TASK REQUIREMENTS
I'd like every record written out again, exactly as it is.

+++ SOURCE MATERIAL

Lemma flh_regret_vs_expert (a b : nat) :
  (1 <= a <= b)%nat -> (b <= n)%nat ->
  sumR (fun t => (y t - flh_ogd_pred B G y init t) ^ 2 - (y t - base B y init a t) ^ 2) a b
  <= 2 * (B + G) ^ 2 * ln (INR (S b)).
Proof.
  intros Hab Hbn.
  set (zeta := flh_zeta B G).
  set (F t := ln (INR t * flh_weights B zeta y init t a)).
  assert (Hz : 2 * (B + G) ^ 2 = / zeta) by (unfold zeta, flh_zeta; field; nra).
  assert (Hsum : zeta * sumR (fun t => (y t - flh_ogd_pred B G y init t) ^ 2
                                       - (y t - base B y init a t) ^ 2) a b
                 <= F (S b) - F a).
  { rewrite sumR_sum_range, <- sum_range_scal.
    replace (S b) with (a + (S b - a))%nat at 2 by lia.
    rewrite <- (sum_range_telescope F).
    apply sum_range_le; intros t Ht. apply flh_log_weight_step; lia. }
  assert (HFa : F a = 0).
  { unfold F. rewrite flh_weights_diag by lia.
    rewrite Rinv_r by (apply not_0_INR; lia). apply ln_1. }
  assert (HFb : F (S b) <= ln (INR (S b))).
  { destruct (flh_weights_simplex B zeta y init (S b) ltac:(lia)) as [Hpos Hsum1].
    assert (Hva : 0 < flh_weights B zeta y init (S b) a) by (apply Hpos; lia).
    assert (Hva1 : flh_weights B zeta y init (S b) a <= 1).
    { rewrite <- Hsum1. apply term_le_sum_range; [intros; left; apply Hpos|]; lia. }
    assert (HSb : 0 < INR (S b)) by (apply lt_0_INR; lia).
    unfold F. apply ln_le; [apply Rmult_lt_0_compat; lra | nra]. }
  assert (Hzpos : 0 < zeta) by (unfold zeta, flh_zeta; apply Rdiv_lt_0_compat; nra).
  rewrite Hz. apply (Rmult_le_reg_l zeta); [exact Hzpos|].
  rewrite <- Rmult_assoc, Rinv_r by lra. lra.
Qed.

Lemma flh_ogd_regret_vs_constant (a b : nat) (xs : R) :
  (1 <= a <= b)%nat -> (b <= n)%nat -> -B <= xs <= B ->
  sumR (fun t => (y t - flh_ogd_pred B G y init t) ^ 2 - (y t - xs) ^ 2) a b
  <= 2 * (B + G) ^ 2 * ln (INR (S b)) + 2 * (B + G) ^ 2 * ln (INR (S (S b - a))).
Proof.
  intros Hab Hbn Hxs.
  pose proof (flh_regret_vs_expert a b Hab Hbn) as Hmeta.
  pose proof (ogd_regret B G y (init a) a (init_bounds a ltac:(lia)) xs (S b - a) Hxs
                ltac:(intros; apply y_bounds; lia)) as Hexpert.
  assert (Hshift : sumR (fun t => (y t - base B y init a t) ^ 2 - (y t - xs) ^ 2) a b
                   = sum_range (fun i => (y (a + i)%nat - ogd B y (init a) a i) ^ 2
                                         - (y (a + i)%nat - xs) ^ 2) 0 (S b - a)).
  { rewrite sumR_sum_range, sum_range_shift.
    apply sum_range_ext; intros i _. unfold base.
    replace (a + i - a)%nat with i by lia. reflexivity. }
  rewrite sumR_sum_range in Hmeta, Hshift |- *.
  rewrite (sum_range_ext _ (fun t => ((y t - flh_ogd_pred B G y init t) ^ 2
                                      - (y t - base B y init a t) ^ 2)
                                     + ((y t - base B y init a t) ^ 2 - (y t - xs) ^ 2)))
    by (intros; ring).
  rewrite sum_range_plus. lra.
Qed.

++++++

SOLUTION TO THIS TASK
Lemma flh_regret_vs_expert (a b : nat) :
  (1 <= a <= b)%nat -> (b <= n)%nat ->
  sumR (fun t => (y t - flh_ogd_pred B G y init t) ^ 2 - (y t - base B y init a t) ^ 2) a b
  <= 2 * (B + G) ^ 2 * ln (INR (S b)).
Proof.
  intros Hab Hbn.
  set (zeta := flh_zeta B G).
  set (F t := ln (INR t * flh_weights B zeta y init t a)).
  assert (Hz : 2 * (B + G) ^ 2 = / zeta) by (unfold zeta, flh_zeta; field; nra).
  assert (Hsum : zeta * sumR (fun t => (y t - flh_ogd_pred B G y init t) ^ 2
                                       - (y t - base B y init a t) ^ 2) a b
                 <= F (S b) - F a).
  { rewrite sumR_sum_range, <- sum_range_scal.
    replace (S b) with (a + (S b - a))%nat at 2 by lia.
    rewrite <- (sum_range_telescope F).
    apply sum_range_le; intros t Ht. apply flh_log_weight_step; lia. }
  assert (HFa : F a = 0).
  { unfold F. rewrite flh_weights_diag by lia.
    rewrite Rinv_r by (apply not_0_INR; lia). apply ln_1. }
  assert (HFb : F (S b) <= ln (INR (S b))).
  { destruct (flh_weights_simplex B zeta y init (S b) ltac:(lia)) as [Hpos Hsum1].
    assert (Hva : 0 < flh_weights B zeta y init (S b) a) by (apply Hpos; lia).
    assert (Hva1 : flh_weights B zeta y init (S b) a <= 1).
    { rewrite <- Hsum1. apply term_le_sum_range; [intros; left; apply Hpos|]; lia. }
    assert (HSb : 0 < INR (S b)) by (apply lt_0_INR; lia).
    unfold F. apply ln_le; [apply Rmult_lt_0_compat; lra | nra]. }
  assert (Hzpos : 0 < zeta) by (unfold zeta, flh_zeta; apply Rdiv_lt_0_compat; nra).
  rewrite Hz. apply (Rmult_le_reg_l zeta); [exact Hzpos|].
  rewrite <- Rmult_assoc, Rinv_r by lra. lra.
Qed.

Lemma flh_ogd_regret_vs_constant (a b : nat) (xs : R) :
  (1 <= a <= b)%nat -> (b <= n)%nat -> -B <= xs <= B ->
  sumR (fun t => (y t - flh_ogd_pred B G y init t) ^ 2 - (y t - xs) ^ 2) a b
  <= 2 * (B + G) ^ 2 * ln (INR (S b)) + 2 * (B + G) ^ 2 * ln (INR (S (S b - a))).
Proof.
  intros Hab Hbn Hxs.
  pose proof (flh_regret_vs_expert a b Hab Hbn) as Hmeta.
  pose proof (ogd_regret B G y (init a) a (init_bounds a ltac:(lia)) xs (S b - a) Hxs
                ltac:(intros; apply y_bounds; lia)) as Hexpert.
  assert (Hshift : sumR (fun t => (y t - base B y init a t) ^ 2 - (y t - xs) ^ 2) a b
                   = sum_range (fun i => (y (a + i)%nat - ogd B y (init a) a i) ^ 2
                                         - (y (a + i)%nat - xs) ^ 2) 0 (S b - a)).
  { rewrite sumR_sum_range, sum_range_shift.
    apply sum_range_ext; intros i _. unfold base.
    replace (a + i - a)%nat with i by lia. reflexivity. }
  rewrite sumR_sum_range in Hmeta, Hshift |- *.
  rewrite (sum_range_ext _ (fun t => ((y t - flh_ogd_pred B G y init t) ^ 2
                                      - (y t - base B y init a t) ^ 2)
                                     + ((y t - base B y init a t) ^ 2 - (y t - xs) ^ 2)))
    by (intros; ring).
  rewrite sum_range_plus. lra.
Qed.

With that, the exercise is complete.